Task prompt
Every line from the start of the records below to the line containing "by move: i_neq; rewrite wv_e enum_valK eqxx." should be retyped exactly, that line included, and no others.

*** Records to process ***

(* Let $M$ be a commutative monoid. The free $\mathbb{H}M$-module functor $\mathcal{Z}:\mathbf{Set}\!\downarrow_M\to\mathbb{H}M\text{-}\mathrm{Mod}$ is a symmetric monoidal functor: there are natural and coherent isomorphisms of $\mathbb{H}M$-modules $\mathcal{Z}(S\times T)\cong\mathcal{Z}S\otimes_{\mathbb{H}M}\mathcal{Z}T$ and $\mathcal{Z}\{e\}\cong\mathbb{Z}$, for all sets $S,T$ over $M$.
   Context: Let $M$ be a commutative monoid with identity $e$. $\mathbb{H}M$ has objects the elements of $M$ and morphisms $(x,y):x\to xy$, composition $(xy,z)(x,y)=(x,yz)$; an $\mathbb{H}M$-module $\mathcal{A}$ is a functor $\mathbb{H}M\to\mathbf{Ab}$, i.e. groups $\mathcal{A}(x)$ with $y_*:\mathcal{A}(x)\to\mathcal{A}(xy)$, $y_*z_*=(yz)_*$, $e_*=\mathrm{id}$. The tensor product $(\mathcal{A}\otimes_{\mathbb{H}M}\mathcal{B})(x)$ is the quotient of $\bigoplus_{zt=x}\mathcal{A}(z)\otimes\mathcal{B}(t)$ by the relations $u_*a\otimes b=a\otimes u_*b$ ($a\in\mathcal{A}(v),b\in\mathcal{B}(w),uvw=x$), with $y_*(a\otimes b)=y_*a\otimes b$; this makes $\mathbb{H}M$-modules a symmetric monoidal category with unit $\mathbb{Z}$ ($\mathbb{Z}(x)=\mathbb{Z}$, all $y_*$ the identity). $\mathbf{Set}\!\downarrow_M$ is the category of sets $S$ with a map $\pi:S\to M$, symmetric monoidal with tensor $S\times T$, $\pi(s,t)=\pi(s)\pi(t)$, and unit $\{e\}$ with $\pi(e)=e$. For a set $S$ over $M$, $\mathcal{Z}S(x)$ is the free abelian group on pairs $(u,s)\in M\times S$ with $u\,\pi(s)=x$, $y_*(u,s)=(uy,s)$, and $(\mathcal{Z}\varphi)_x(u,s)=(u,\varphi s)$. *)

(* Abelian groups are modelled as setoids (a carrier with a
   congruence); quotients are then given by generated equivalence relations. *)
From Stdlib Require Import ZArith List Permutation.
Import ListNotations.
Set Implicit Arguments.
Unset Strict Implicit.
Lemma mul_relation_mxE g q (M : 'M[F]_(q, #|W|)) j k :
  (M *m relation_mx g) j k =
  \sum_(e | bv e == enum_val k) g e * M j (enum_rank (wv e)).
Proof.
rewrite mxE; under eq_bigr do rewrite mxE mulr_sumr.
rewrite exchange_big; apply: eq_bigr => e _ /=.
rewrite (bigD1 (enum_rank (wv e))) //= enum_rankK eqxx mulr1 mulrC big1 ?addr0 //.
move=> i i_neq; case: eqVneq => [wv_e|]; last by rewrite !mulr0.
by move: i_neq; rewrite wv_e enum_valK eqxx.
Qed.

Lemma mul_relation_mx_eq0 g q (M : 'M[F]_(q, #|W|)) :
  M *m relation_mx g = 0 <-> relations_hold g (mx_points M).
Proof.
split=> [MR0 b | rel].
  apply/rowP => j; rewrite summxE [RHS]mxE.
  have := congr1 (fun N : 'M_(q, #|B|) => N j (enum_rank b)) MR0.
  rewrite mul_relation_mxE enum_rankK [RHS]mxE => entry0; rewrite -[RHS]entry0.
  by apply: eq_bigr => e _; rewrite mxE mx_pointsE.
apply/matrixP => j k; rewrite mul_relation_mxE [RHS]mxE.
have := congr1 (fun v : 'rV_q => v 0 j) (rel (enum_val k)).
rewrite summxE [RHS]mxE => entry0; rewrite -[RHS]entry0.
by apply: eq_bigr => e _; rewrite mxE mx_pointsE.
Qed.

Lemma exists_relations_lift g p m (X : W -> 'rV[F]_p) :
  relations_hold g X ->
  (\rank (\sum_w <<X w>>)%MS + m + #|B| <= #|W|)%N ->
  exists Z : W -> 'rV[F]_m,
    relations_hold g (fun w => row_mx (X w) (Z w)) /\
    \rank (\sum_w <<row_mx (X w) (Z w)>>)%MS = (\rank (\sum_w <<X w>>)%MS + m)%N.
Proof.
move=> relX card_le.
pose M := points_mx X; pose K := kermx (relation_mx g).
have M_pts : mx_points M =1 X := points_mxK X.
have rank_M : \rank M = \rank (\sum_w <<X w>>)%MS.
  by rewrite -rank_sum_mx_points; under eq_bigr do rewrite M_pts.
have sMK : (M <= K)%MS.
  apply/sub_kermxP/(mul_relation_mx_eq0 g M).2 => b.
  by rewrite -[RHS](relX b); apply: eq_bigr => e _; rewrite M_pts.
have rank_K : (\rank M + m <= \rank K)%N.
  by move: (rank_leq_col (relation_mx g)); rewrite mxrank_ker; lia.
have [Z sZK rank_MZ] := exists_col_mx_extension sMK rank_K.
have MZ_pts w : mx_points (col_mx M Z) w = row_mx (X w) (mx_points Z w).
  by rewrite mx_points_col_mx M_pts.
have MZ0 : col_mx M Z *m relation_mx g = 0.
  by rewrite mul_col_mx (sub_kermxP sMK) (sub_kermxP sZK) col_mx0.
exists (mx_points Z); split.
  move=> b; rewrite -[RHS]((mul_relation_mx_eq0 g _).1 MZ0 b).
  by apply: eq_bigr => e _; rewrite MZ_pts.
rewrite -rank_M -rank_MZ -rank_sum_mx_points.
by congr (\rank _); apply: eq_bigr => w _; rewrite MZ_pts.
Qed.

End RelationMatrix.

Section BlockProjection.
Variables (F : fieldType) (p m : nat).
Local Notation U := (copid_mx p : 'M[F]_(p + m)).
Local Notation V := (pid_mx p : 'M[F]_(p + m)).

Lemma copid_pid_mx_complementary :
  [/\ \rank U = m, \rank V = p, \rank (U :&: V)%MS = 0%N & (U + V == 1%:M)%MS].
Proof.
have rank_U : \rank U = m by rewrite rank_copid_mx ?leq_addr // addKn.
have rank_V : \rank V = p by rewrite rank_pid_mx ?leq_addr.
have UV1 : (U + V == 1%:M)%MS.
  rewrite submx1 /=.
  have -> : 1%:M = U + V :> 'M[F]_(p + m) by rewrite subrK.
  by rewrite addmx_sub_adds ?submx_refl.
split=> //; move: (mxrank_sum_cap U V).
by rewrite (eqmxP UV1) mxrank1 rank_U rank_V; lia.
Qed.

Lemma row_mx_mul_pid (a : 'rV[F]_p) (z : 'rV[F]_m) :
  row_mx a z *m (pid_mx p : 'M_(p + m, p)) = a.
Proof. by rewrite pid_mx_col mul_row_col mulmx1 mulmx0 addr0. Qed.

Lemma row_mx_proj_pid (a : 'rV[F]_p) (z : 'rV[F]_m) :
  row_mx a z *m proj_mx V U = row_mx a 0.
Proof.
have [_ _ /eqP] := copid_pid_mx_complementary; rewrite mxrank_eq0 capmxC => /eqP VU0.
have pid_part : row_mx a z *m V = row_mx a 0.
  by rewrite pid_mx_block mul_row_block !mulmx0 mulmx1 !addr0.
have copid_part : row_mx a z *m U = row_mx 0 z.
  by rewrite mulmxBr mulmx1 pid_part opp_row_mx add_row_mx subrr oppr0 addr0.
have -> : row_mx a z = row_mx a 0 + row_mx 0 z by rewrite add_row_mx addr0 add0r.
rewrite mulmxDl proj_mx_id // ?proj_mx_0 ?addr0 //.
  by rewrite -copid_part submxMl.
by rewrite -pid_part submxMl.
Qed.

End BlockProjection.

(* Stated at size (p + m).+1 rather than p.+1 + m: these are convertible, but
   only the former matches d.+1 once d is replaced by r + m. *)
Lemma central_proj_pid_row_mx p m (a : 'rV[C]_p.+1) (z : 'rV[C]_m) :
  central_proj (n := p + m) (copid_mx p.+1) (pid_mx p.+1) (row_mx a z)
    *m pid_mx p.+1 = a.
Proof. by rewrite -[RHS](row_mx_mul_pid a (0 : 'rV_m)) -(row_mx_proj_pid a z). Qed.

*** End of Records to process ***

Result
(* Let $M$ be a commutative monoid. The free $\mathbb{H}M$-module functor $\mathcal{Z}:\mathbf{Set}\!\downarrow_M\to\mathbb{H}M\text{-}\mathrm{Mod}$ is a symmetric monoidal functor: there are natural and coherent isomorphisms of $\mathbb{H}M$-modules $\mathcal{Z}(S\times T)\cong\mathcal{Z}S\otimes_{\mathbb{H}M}\mathcal{Z}T$ and $\mathcal{Z}\{e\}\cong\mathbb{Z}$, for all sets $S,T$ over $M$.
   Context: Let $M$ be a commutative monoid with identity $e$. $\mathbb{H}M$ has objects the elements of $M$ and morphisms $(x,y):x\to xy$, composition $(xy,z)(x,y)=(x,yz)$; an $\mathbb{H}M$-module $\mathcal{A}$ is a functor $\mathbb{H}M\to\mathbf{Ab}$, i.e. groups $\mathcal{A}(x)$ with $y_*:\mathcal{A}(x)\to\mathcal{A}(xy)$, $y_*z_*=(yz)_*$, $e_*=\mathrm{id}$. The tensor product $(\mathcal{A}\otimes_{\mathbb{H}M}\mathcal{B})(x)$ is the quotient of $\bigoplus_{zt=x}\mathcal{A}(z)\otimes\mathcal{B}(t)$ by the relations $u_*a\otimes b=a\otimes u_*b$ ($a\in\mathcal{A}(v),b\in\mathcal{B}(w),uvw=x$), with $y_*(a\otimes b)=y_*a\otimes b$; this makes $\mathbb{H}M$-modules a symmetric monoidal category with unit $\mathbb{Z}$ ($\mathbb{Z}(x)=\mathbb{Z}$, all $y_*$ the identity). $\mathbf{Set}\!\downarrow_M$ is the category of sets $S$ with a map $\pi:S\to M$, symmetric monoidal with tensor $S\times T$, $\pi(s,t)=\pi(s)\pi(t)$, and unit $\{e\}$ with $\pi(e)=e$. For a set $S$ over $M$, $\mathcal{Z}S(x)$ is the free abelian group on pairs $(u,s)\in M\times S$ with $u\,\pi(s)=x$, $y_*(u,s)=(uy,s)$, and $(\mathcal{Z}\varphi)_x(u,s)=(u,\varphi s)$. *)

(* Abelian groups are modelled as setoids (a carrier with a
   congruence); quotients are then given by generated equivalence relations. *)
From Stdlib Require Import ZArith List Permutation.
Import ListNotations.
Set Implicit Arguments.
Unset Strict Implicit.
Lemma mul_relation_mxE g q (M : 'M[F]_(q, #|W|)) j k :
  (M *m relation_mx g) j k =
  \sum_(e | bv e == enum_val k) g e * M j (enum_rank (wv e)).
Proof.
rewrite mxE; under eq_bigr do rewrite mxE mulr_sumr.
rewrite exchange_big; apply: eq_bigr => e _ /=.
rewrite (bigD1 (enum_rank (wv e))) //= enum_rankK eqxx mulr1 mulrC big1 ?addr0 //.
move=> i i_neq; case: eqVneq => [wv_e|]; last by rewrite !mulr0.
by move: i_neq; rewrite wv_e enum_valK eqxx.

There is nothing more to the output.